Фридрих уже жалел, что затеял все это. Гоцковскому не следовало видеть Барберину в таком состоянии. Этот остолоп Шиц не догадался даже умыть и приодеть ее.

— Вы знаете, сударыня, — сказал он, — что когда-то я относился к вам с большим благожелательством. Господин Гоцковский также симпатизирует вам. Доверьтесь же нам. Скажите откровенно, что вам известно о покушении Глазау. Если же вы ни в чем не повинны и не имеете против меня и моего королевства никаких злых умыслов, то, даю слово, я велю освободить вас. Итак, говорите.

«Не имеете злых умыслов». Она содрогнулась при этих словах Фридриха. Как перед утопающим, перед ней в одно мгновенье прошла ее беспросветно-долгая, шестимесячная жизнь в каземате, допросы, истязания; она увидела землистые лица людей, заживо похороненных в четырех стенах, перевозимых из крепости в крепость, пока смерть не приносила им освобождение. Есть ли у нее злые умыслы? За эти страшные месяцы она стала врагом короля. С каким наслаждением бросила бы она в лицо этому коронованному лицемеру все свое негодование и презрение! Но нет! Нужно выдержать искус до конца. Если она будет держать себя в руках, ее, может быть, выпустят.

Вдруг одна мысль поразила ее. Возможно ли теперь, когда в ней достигло огромной силы то, что прежде бродило в виде незрелого протеста, возможно ли теперь скрыть эту кипящую злобу? Ведь Фридрих хитер и проницателен.
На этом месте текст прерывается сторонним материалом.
Lemma tape_at_not_end m : m <= length w -> tape_at w m <> Dollar.
Proof.
  intros Hm. destruct m as [|m]; [discriminate|].
  rewrite tape_at_letter by lia. discriminate.
Qed.

Definition mirror_phase (k m : nat) (x : letter) : phase :=
  if m <=? k then letter_phase x else flip (letter_phase x).

Definition lit_beyond (k h : nat) : nat -> src :=
  fun m => if (h <? m) && (m <=? 2 * k) then On (mirror_phase k m (cell_letter m)) else Off.

Lemma mirror_phase_left k m x : m <= k -> mirror_phase k m x = letter_phase x.
Proof. intros Hm. unfold mirror_phase. rewrite (proj2 (Nat.leb_le m k)) by exact Hm. reflexivity. Qed.

Lemma mirror_phase_right k m x : k < m -> mirror_phase k m x = flip (letter_phase x).
Proof. intros Hm. unfold mirror_phase. rewrite (proj2 (Nat.leb_gt m k)) by exact Hm. reflexivity. Qed.

Lemma lit_beyond_on k h i :
  h < i <= 2 * k -> lit_beyond k h i = On (mirror_phase k i (cell_letter i)).
Proof.
  intros Hi. unfold lit_beyond.
  rewrite (proj2 (Nat.ltb_lt h i)), (proj2 (Nat.leb_le i (2 * k))) by lia.
  reflexivity.
Qed.

Lemma lit_beyond_left k h i :
  h < i <= k -> lit_beyond k h i = On (letter_phase (cell_letter i)).
Proof. intros Hi. rewrite lit_beyond_on, mirror_phase_left by lia. reflexivity. Qed.

Lemma lit_beyond_right k h i :
  h < i -> k < i <= 2 * k -> lit_beyond k h i = On (flip (letter_phase (cell_letter i))).
Proof. intros Hh Hi. rewrite lit_beyond_on, mirror_phase_right by lia. reflexivity. Qed.

Lemma lit_beyond_off k h i : i <= h \/ 2 * k < i -> lit_beyond k h i = Off.
Proof.
  intros Hi. unfold lit_beyond.
  destruct (Nat.ltb_spec h i), (Nat.leb_spec i (2 * k)); simpl; auto; lia.
Qed.

Lemma lit_beyond_toggle k h :
  1 <= h <= 2 * k ->
  srcs_after (lit_beyond k h) h (Toggle (mirror_phase k h (cell_letter h))) =
  lit_beyond k (pred h).
Proof.
  intros Hh. apply functional_extensionality. intros m. unfold srcs_after.
  destruct (Nat.eqb_spec m h) as [->|Hne].
  - rewrite lit_beyond_off by lia. unfold lit_beyond.
    rewrite (proj2 (Nat.ltb_lt (pred h) h)), (proj2 (Nat.leb_le h (2 * k))) by lia.
    reflexivity.
  - unfold lit_beyond. destruct (Nat.ltb_spec (pred h) m), (Nat.ltb_spec h m); simpl; auto; lia.
Qed.

Lemma visible_left_half k i K : i <= k -> visible i (2 * k + 1) K = (2 * k + 1 - 2 * i <=? K).
Proof.
  intros Hi. unfold visible.
  destruct (Nat.leb_spec (2 * i) (2 * k + 1 + K)), (Nat.leb_spec (2 * k + 1) (2 * i + K)),
    (Nat.leb_spec (2 * k + 1 - 2 * i) K); simpl; auto; lia.
Qed.

Lemma visible_middle k m : visible m (2 * k + 1) 1 = (m =? k) || (m =? k + 1).
Proof.
  unfold visible.
  destruct (Nat.leb_spec (2 * m) (2 * k + 1 + 1)), (Nat.leb_spec (2 * k + 1) (2 * m + 1)),
    (Nat.eqb_spec m k), (Nat.eqb_spec m (k + 1)); simpl; auto; lia.
Qed.

Definition matched (k K : nat) : Prop :=
  forall i, 1 <= i <= k -> visible i (2 * k + 1) K = true ->
  cell_letter i = cell_letter (2 * k + 1 - i).

Lemma matched_ground k : matched k 0.
Proof.
  intros i Hi Hv. rewrite visible_left_half in Hv by lia. apply Nat.leb_le in Hv. lia.
Qed.

Lemma matched_mono k K K' : K <= K' -> matched k K' -> matched k K.
Proof.
  intros HK Hm i Hi Hv. apply Hm; [exact Hi|].
  rewrite visible_left_half in * by lia. apply Nat.leb_le in Hv. apply Nat.leb_le. lia.
Qed.

Lemma Lpal_iff_matched k : length w = 2 * k -> (Lpal w <-> matched k (2 * k + 2)).
Proof.
  intros Hn. split.
  - intros [u Hu] i Hi _. unfold cell_letter. rewrite Hu in *.
    rewrite length_app, length_rev in Hn.
    rewrite app_nth1, app_nth2, rev_nth by lia. f_equal. lia.
  - intros Hm. exists (firstn k w).
    assert (Hk : length (firstn k w) = k) by (rewrite length_firstn; lia).
    apply nth_ext with (d := La) (d' := La).
    { rewrite length_app, length_rev, Hk. lia. }
    intros j Hj. destruct (Nat.lt_ge_cases j k).
    + rewrite app_nth1, nth_firstn by lia.
      destruct (Nat.ltb_spec j k); [reflexivity|lia].
    + rewrite app_nth2, rev_nth, nth_firstn, Hk by lia.
      destruct (Nat.ltb_spec (k - S (j - k)) k); [|lia].
      assert (E := Hm (2 * k - j) ltac:(lia)).
      rewrite visible_left_half, (proj2 (Nat.leb_le _ _)) in E by lia.
      unfold cell_letter in E.
      replace (2 * k - j - 1) with (k - S (j - k)) in E by lia.
      replace (2 * k + 1 - (2 * k - j) - 1) with j in E by lia.
      symmetry. apply E. reflexivity.
Qed.

Lemma Lpal_even_length : Lpal w -> Nat.even (length w) = true.
Proof.
  intros [u Hu]. rewrite Hu, length_app, length_rev.
  apply Nat.even_spec. exists (length u). lia.
Qed.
Может быть, он сейчас читает в ее душе, и в то время, как она полагает, что сумеет притвориться, на самом деле это он будет играть с ней в жуткие «кошки-мышки». А потом, когда она станет считать часы до освобождения, он прихлопнет ее.
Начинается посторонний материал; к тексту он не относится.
(* Let $(X,d)$ be a locally compact noncompact Polish space with compatible metric $d$, let $A$ be a nonzero C*-algebra, and let $Y_n\subseteq X$ ($n\in\mathbb N$) be infinite, compact, pairwise disjoint sets such that no compact subset of $X$ meets infinitely many $Y_n$. Then: (1) for every $f\in\mathbb N^{\mathbb N}$, $D_f$ is a C*-subalgebra of $C_b(X,A)$, and if $A$ is unital then $D_f$ is unital; (2) if $f_1\le^* f_2$ then $C_{f_1}\subseteq C_{f_2}$; (3) $C_b(X,A)=\bigcup_{f\in\mathbb N^{\mathbb N}}D_f$; (4) for every $f\in\mathbb N^{\mathbb N}$ there is $g\in C_b(X,A)$ with $\pi(g)\notin C_f$.
   Context: $\mathbb N^{\mathbb N}$ denotes the set of sequences $f\colon\mathbb N\to\mathbb N$ with $f(n)>0$ for all $n$; $f_1\le^* f_2$ means $f_1(n)\le f_2(n)$ for all but finitely many $n$. $C_b(X,A)$ is the C*-algebra of bounded continuous functions $X\to A$, $C_0(X,A)$ the ideal of those vanishing at infinity, $Q(X,A)=C_b(X,A)/C_0(X,A)$ and $\pi\colon C_b(X,A)\to Q(X,A)$ the quotient map. For $f\in\mathbb N^{\mathbb N}$, $D_f=D_f(X,A,Y_n)=\{g\in C_b(X,A)\mid \forall\epsilon>0\ \exists n_0\ \forall n\ge n_0\ \forall x,y\in Y_n\ (d(x,y)<1/f(n)\Rightarrow\|g(x)-g(y)\|<\epsilon)\}$, and $C_f=\pi(D_f)$. *)

From Stdlib Require Import Reals List.
Open Scope R_scope.

Record Cx := mkCx { cre : R; cim : R }.
Definition Cadd (a b : Cx) : Cx := mkCx (cre a + cre b) (cim a + cim b).
Definition Cmul (a b : Cx) : Cx :=
  mkCx (cre a * cre b - cim a * cim b) (cre a * cim b + cim a * cre b).
Definition Cconj (a : Cx) : Cx := mkCx (cre a) (- cim a).
Definition Cabs (a : Cx) : R := sqrt (cre a ^ 2 + cim a ^ 2).
Definition C1 : Cx := mkCx 1 0.

Record CStarAlg := {
  car :> Type;
  c0 : car;
  cadd : car -> car -> car;
  copp : car -> car;
  csc : Cx -> car -> car;
  cmul : car -> car -> car;
  cstar : car -> car;
  cnorm : car -> R;
  ax_addA : forall x y z, cadd x (cadd y z) = cadd (cadd x y) z;
  ax_addC : forall x y, cadd x y = cadd y x;
  ax_add0 : forall x, cadd x c0 = x;
  ax_addN : forall x, cadd x (copp x) = c0;
  ax_sc1 : forall x, csc C1 x = x;
  ax_scA : forall a b x, csc a (csc b x) = csc (Cmul a b) x;
  ax_scDr : forall a x y, csc a (cadd x y) = cadd (csc a x) (csc a y);
  ax_scDl : forall a b x, csc (Cadd a b) x = cadd (csc a x) (csc b x);
  ax_mulA : forall x y z, cmul x (cmul y z) = cmul (cmul x y) z;
  ax_mulDl : forall x y z, cmul (cadd x y) z = cadd (cmul x z) (cmul y z);
  ax_mulDr : forall x y z, cmul x (cadd y z) = cadd (cmul x y) (cmul x z);
  ax_mulscl : forall a x y, cmul (csc a x) y = csc a (cmul x y);
  ax_mulscr : forall a x y, cmul x (csc a y) = csc a (cmul x y);
  ax_starK : forall x, cstar (cstar x) = x;
  ax_starD : forall x y, cstar (cadd x y) = cadd (cstar x) (cstar y);
  ax_starsc : forall a x, cstar (csc a x) = csc (Cconj a) (cstar x);
  ax_starM : forall x y, cstar (cmul x y) = cmul (cstar y) (cstar x);
  ax_norm_ge0 : forall x, 0 <= cnorm x;
  ax_norm_eq0 : forall x, cnorm x = 0 -> x = c0;
  ax_normD : forall x y, cnorm (cadd x y) <= cnorm x + cnorm y;
  ax_normsc : forall a x, cnorm (csc a x) = Cabs a * cnorm x;
  ax_normM : forall x y, cnorm (cmul x y) <= cnorm x * cnorm y;
  ax_complete : forall u : nat -> car,
      (forall eps, eps > 0 -> exists N, forall m n, (m >= N)%nat -> (n >= N)%nat ->
          cnorm (cadd (u m) (copp (u n))) < eps) ->
      exists l, forall eps, eps > 0 -> exists N, forall n, (n >= N)%nat ->
          cnorm (cadd (u n) (copp l)) < eps;
  ax_cstar : forall x, cnorm (cmul (cstar x) x) = cnorm x * cnorm x
}.

Arguments c0 {_}. Arguments cadd {_}. Arguments copp {_}. Arguments csc {_}.
Arguments cmul {_}. Arguments cstar {_}. Arguments cnorm {_}.

Definition csub {A : CStarAlg} (x y : A) : A := cadd x (copp y).

Definition nonzero_alg (A : CStarAlg) : Prop := exists a : A, a <> c0.
Definition unital_alg (A : CStarAlg) : Prop :=
  exists u : A, forall a : A, cmul u a = a /\ cmul a u = a.

Definition is_metric {X : Type} (d : X -> X -> R) : Prop :=
  (forall x y, 0 <= d x y) /\
  (forall x y, d x y = 0 <-> x = y) /\
  (forall x y, d x y = d y x) /\
  (forall x y z, d x z <= d x y + d y z).

Definition open_set {X : Type} (d : X -> X -> R) (U : X -> Prop) : Prop :=
  forall x, U x -> exists eps, eps > 0 /\ forall y, d x y < eps -> U y.

Definition compact_set {X : Type} (d : X -> X -> R) (K : X -> Prop) : Prop :=
  forall (I : Type) (U : I -> X -> Prop),
    (forall i, open_set d (U i)) ->
    (forall x, K x -> exists i, U i x) ->
    exists l : list I, forall x, K x -> exists i, In i l /\ U i x.

Definition locally_compact {X : Type} (d : X -> X -> R) : Prop :=
  forall x, exists K eps, compact_set d K /\ eps > 0 /\
    forall y, d x y < eps -> K y.

Definition separable {X : Type} (d : X -> X -> R) : Prop :=
  exists s : nat -> X, forall x eps, eps > 0 -> exists n, d x (s n) < eps.

Definition complete_metric {X : Type} (d : X -> X -> R) : Prop :=
  forall u : nat -> X,
    (forall eps, eps > 0 -> exists N, forall m n, (m >= N)%nat -> (n >= N)%nat ->
        d (u m) (u n) < eps) ->
    exists l, forall eps, eps > 0 -> exists N, forall n, (n >= N)%nat -> d (u n) l < eps.

Definition polish {X : Type} (d : X -> X -> R) : Prop :=
  separable d /\
  exists d' : X -> X -> R, is_metric d' /\ complete_metric d' /\
    forall U, open_set d U <-> open_set d' U.

Definition infinite_set {X : Type} (Y : X -> Prop) : Prop :=
  ~ exists l : list X, forall x, Y x -> In x l.

Definition continuous_fn {X : Type} (d : X -> X -> R) {A : CStarAlg} (g : X -> A) : Prop :=
  forall x eps, eps > 0 -> exists delta, delta > 0 /\
    forall y, d x y < delta -> cnorm (csub (g x) (g y)) < eps.

Definition Cb {X : Type} (d : X -> X -> R) {A : CStarAlg} (g : X -> A) : Prop :=
  continuous_fn d g /\ exists M, forall x, cnorm (g x) <= M.

Definition C0 {X : Type} (d : X -> X -> R) {A : CStarAlg} (g : X -> A) : Prop :=
  Cb d g /\ forall eps, eps > 0 -> exists K, compact_set d K /\
    forall x, ~ K x -> cnorm (g x) < eps.

Definition fadd {X} {A : CStarAlg} (g h : X -> A) : X -> A := fun x => cadd (g x) (h x).
Definition fsub {X} {A : CStarAlg} (g h : X -> A) : X -> A := fun x => csub (g x) (h x).
Definition fsc {X} {A : CStarAlg} (a : Cx) (g : X -> A) : X -> A := fun x => csc a (g x).
Definition fmul {X} {A : CStarAlg} (g h : X -> A) : X -> A := fun x => cmul (g x) (h x).
Definition fstar {X} {A : CStarAlg} (g : X -> A) : X -> A := fun x => cstar (g x).
Definition fzero {X} {A : CStarAlg} : X -> A := fun _ => c0.

Definition cstar_subalgebra {X : Type} (d : X -> X -> R) {A : CStarAlg}
    (S : (X -> A) -> Prop) : Prop :=
  (forall g, S g -> Cb d g) /\
  S fzero /\
  (forall g h, S g -> S h -> S (fadd g h)) /\
  (forall a g, S g -> S (fsc a g)) /\
  (forall g h, S g -> S h -> S (fmul g h)) /\
  (forall g, S g -> S (fstar g)) /\
  (forall g, Cb d g ->
     (forall eps, eps > 0 -> exists h, S h /\ forall x, cnorm (csub (g x) (h x)) <= eps) ->
     S g).

Definition unital_subalgebra {X : Type} {A : CStarAlg} (S : (X -> A) -> Prop) : Prop :=
  exists e, S e /\ forall g, S g -> forall x, cmul (e x) (g x) = g x /\ cmul (g x) (e x) = g x.

(* f in N^N: positive sequences *)
Definition posseq (f : nat -> nat) : Prop := forall n, (0 < f n)%nat.

Definition le_star (f1 f2 : nat -> nat) : Prop :=
  exists N, forall n, (n >= N)%nat -> (f1 n <= f2 n)%nat.

Definition Df {X : Type} (d : X -> X -> R) (A : CStarAlg) (Y : nat -> X -> Prop)
    (f : nat -> nat) (g : X -> A) : Prop :=
  Cb d g /\
  forall eps, eps > 0 -> exists n0, forall n, (n >= n0)%nat ->
    forall x y, Y n x -> Y n y -> d x y < / INR (f n) ->
      cnorm (csub (g x) (g y)) < eps.

(* pi(g) \in C_f = pi(D_f), i.e. g \in D_f + C_0(X,A) *)
Definition in_Cf {X : Type} (d : X -> X -> R) (A : CStarAlg) (Y : nat -> X -> Prop)
    (f : nat -> nat) (g : X -> A) : Prop :=
  exists h, Df d A Y f h /\ C0 d (fsub g h).

(* (1) Continuity at a point and the D_f condition are both instances of one
   notion: the oscillation of g becomes small on the pairs of points of a
   filter of pairs. Sums, scalings, adjoints, products of bounded functions and
   uniform limits preserve it, and constants satisfy it.
   (2) A larger f only shrinks the pairs d(x,y) < 1/f(n) to be controlled.
   (3) A continuous g is uniformly continuous on each compact Y_n, which yields
   f(n) with oscillation < 1/(n+1) at scale 1/f(n).
   (4) Pick in each Y_n two distinct points x_n, y_n with d(x_n,y_n) < 1/f(n);
   since the sequences leave every compact set, the Urysohn-type function
   dist(.,y)/(dist(.,y) + dist(.,x)) is continuous, equals 1 on the x_n and 0
   on the y_n. Times a nonzero a, it differs by ||a|| on each pair, which no
   element of D_f + C_0 can do. *)
From Pilot Require Import Defs.
From Stdlib Require Import Reals List.
From Stdlib Require Import Lra Lia Psatz Classical ClassicalEpsilon.
Open Scope R_scope.

(** * Elementary algebra in a C*-algebra *)

Section CStarAlgebra.
Variable A : CStarAlg.
Implicit Types x y z u v : A.

Lemma cadd0l x : cadd c0 x = x.
Proof. rewrite ax_addC. apply ax_add0. Qed.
Холодный пот выступил у нее на лбу. Эта мысль оказалась неотразимой. Противоядия против нее не существовало.

— Что же вы молчите? — заговорил снова Фридрих. — Неужели вам требуется столько времени, чтобы обдумать свей откровенный рассказ? — Он насмешливо подчеркнул слово «откровенный».
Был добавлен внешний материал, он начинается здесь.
(* Let $(X_m)_{m\in\mathbb Z}$ and $(Y_m)_{m\in\mathbb Z}$ be homogeneous second order recurrence sequences with constant coefficients that possess the same recurrence relation. Let $a,b,c,d,e,m$ be integers with $$\Delta_{xy}:=X_{d-a}Y_{e-b}-X_{e-a}Y_{d-b}\neq 0.$$ Then $$(X_{d-a}Y_{e-b}-X_{e-a}Y_{d-b})X_{m-c}=(X_{d-c}Y_{e-b}-X_{e-c}Y_{d-b})X_{m-a}+(X_{d-a}X_{e-c}-X_{e-a}X_{d-c})Y_{m-b}.$$
   Context: A homogeneous second order recurrence sequence with constant coefficients is a sequence $(X_m)_{m\in\mathbb Z}$ of complex numbers for which there are constants $p,q\in\mathbb C$, $q\neq 0$, with $X_m=pX_{m-1}+qX_{m-2}$ for all $m\in\mathbb Z$. Two such sequences possess the same recurrence relation if they satisfy it with the same constants $p,q$. *)

(* Complex numbers are modelled by an arbitrary
   numClosedFieldType C (the MathComp abstraction of C, e.g. algC). *)
From HB Require Import structures.
From mathcomp Require Import all_boot all_order all_algebra.
Set Implicit Arguments. Unset Strict Implicit. Unset Printing Implicit Defensive.
Import Order.TTheory GRing.Theory Num.Theory.
Local Open Scope ring_scope.

Definition satisfies_rec (C : numClosedFieldType) (p q : C) (X : int -> C) : Prop :=
  q != 0 /\ forall m : int, X m = p * X (m - 1) + q * X (m - 2).

(* Every solution of the recurrence is determined by its values at 0 and 1,
   linearly and with coefficients that depend only on the index: Z i =
   al_i Z 0 + be_i Z 1.  Applying this to the shifted solutions X (. - c),
   X (. - a) and Y (. - b) at the indices m, d and e writes both sides of the
   identity as polynomials in the same nine coefficients and six initial
   values, and the identity becomes a polynomial identity. *)
From HB Require Import structures.
From mathcomp Require Import all_boot all_order all_algebra.
From mathcomp Require Import ring zify.
Set Implicit Arguments. Unset Strict Implicit. Unset Printing Implicit Defensive.
Import Order.TTheory GRing.Theory Num.Theory.
Local Open Scope ring_scope.

Lemma int_ind2 (P : int -> Prop) :
  P 0 -> P 1 ->
  (forall i, P i -> P (i + 1) -> P (i + 2)) ->
  (forall i, P (i + 1) -> P (i + 2) -> P i) ->
  forall i, P i.
Proof.
move=> P0 P1 up down.
have pos (n : nat) : P n /\ P n.+1.
  elim: n => [|n [Pn Pn1]]; first by [].
  split=> //; have -> : n.+2%:Z = n%:Z + 2 by lia.
  by apply: up; last by have -> : n%:Z + 1 = n.+1 by lia.
have neg (n : nat) : P (- n%:Z) /\ P (1 - n%:Z).
  elim: n => [|n [Pn Pn1]]; first by [].
  split; last by have -> : 1 - n.+1%:Z = - n%:Z by lia.
  apply: down; first by have -> : - n.+1%:Z + 1 = - n%:Z by lia.
  by have -> : - n.+1%:Z + 2 = 1 - n%:Z by lia.
case=> n; first exact: (pos n).1.
have := (neg n.+1).1; congr P; lia.
Qed.

Section SecondOrderRecurrence.

Variables (C : numClosedFieldType) (p q : C).

Lemma satisfies_rec_shift (X : int -> C) (s : int) :
  satisfies_rec p q X -> satisfies_rec p q (fun n => X (n - s)).
Proof.
move=> [hq hX]; split=> // n /=.
by rewrite hX; congr (_ * X _ + _ * X _); lia.
Qed.

Lemma satisfies_rec_step (X : int -> C) (i : int) :
  satisfies_rec p q X -> X (i + 2) = p * X (i + 1) + q * X i.
Proof.
by case=> _ hX; rewrite hX; congr (_ * X _ + _ * X _); lia.
Qed.

Definition linear_in_initial_values (i : int) :=
  exists al be : C,
    forall Z, satisfies_rec p q Z -> Z i = al * Z 0 + be * Z 1.

Lemma linear_in_initial_values_all (i : int) :
  q != 0 -> linear_in_initial_values i.
Proof.
move=> hq; elim/int_ind2: i.
- by exists 1, 0 => Z _; ring.
- by exists 0, 1 => Z _; ring.
- move=> i [a0 [b0 h0]] [a1 [b1 h1]].
  exists (p * a1 + q * a0), (p * b1 + q * b0) => Z hZ.
  by rewrite satisfies_rec_step // h0 // h1 //; ring.
- move=> i [a1 [b1 h1]] [a2 [b2 h2]].
  exists (q^-1 * (a2 - p * a1)), (q^-1 * (b2 - p * b1)) => Z hZ.
  have := satisfies_rec_step i hZ; rewrite h1 // h2 // => E.
  have qZ : q * Z i = (a2 - p * a1) * Z 0 + (b2 - p * b1) * Z 1.
    by rewrite -[q * Z i](addKr (p * (a1 * Z 0 + b1 * Z 1))) -E; ring.
  by apply: (mulfI hq); rewrite qZ; field.
Qed.

End SecondOrderRecurrence.

Theorem lemma1 (C : numClosedFieldType) (p q : C) (X Y : int -> C)
  (hX : satisfies_rec p q X) (hY : satisfies_rec p q Y)
  (a b c d e m : int)
  (hD : X (d - a) * Y (e - b) - X (e - a) * Y (d - b) != 0) :
  (X (d - a) * Y (e - b) - X (e - a) * Y (d - b)) * X (m - c) =
  (X (d - c) * Y (e - b) - X (e - c) * Y (d - b)) * X (m - a)
  + (X (d - a) * X (e - c) - X (e - a) * X (d - c)) * Y (m - b).
Proof.
have hXc := satisfies_rec_shift c hX.
have hXa := satisfies_rec_shift a hX.
have hYb := satisfies_rec_shift b hY.
have [am [bm Hm]] := linear_in_initial_values_all p m hX.1.
have [ad [bd Hd]] := linear_in_initial_values_all p d hX.1.
have [ae [be He]] := linear_in_initial_values_all p e hX.1.
move: (Hm _ hXc) (Hm _ hXa) (Hm _ hYb) (Hd _ hXc) (Hd _ hXa) (Hd _ hYb)
      (He _ hXc) (He _ hXa) (He _ hYb) => /= -> -> -> -> -> -> -> -> ->.
ring.
Qed.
Барберине почудилось, что за неприкрытой усмешкой короля кроется знание ее ненависти к нему, к Шицу к зловонным казематам, ко всему, что служит опорой свирепых и бездушных порядков Пруссии.

Это лишило ее твердости. Она не в силах была дольше выдержать.

И, чувствуя, что все потеряно, и находя в этом какое-то жуткое удовлетворение, она ринулась очертя голову в страшившую ее бездну. Она кричала, не чувствуя себя и не узнавая своего голоса. Она выплевывала в лицо Фридриху все обиды, которые перенесла или свидетелями которых являлась; она придумывала самые язвительные слова для изображения подлости тюремщиков, для характеристики господствующей повсюду жестокости и несправедливости.

Король сидел с напряженным лицом, не сводя глаз с Барберины. Один только раз, когда Гоцковский попытался что-то сказать, он движением руки остановил его. Внезапно Барберина закашлялась и, махнув рукой, замолчала. В комнате воцарилось тяжелое молчание. Фридрих шумно выдохнул воздух, позвонил и, указывая на Барберину, стоявшую с повисшей головой, кратко распорядился:

— Уведите.

Когда дверь за Барбериной закрылась, он сказал, пожимая плечами:

— Мне очень жаль, Гоцковский, что так вышло, но теперь ей не будет пощады… Пусть пеняет на себя.

Гоцковский молчал, и это привело Фридриха в раздражение.

— Мне сейчас не до жалости! — вскричал он. — Я сам еле живу. Каждый сноп соломы, который доходит до меня, каждый транспорт рекрутов или денег становится либо подачкой, брошенной мне врагами из милости, либо доказательством их нерадивости. Если положение дел в Европе не изменится, нам скоро нечего будет противопоставить противникам.

— Но ведь смерть этой девушки не принесет вам пользы, — осторожно заметил купец.

— Сентименты! Что мне до ее жизни! Что мне до вас всех! Эти проклятые русские! Если хотите знать, с моей стороны почти глупо еще существовать.

Он повернулся спиной к Гоцковскому и вышел, хлопнув дверью с такой силой, что стекла в окнах жалобно зазвенели.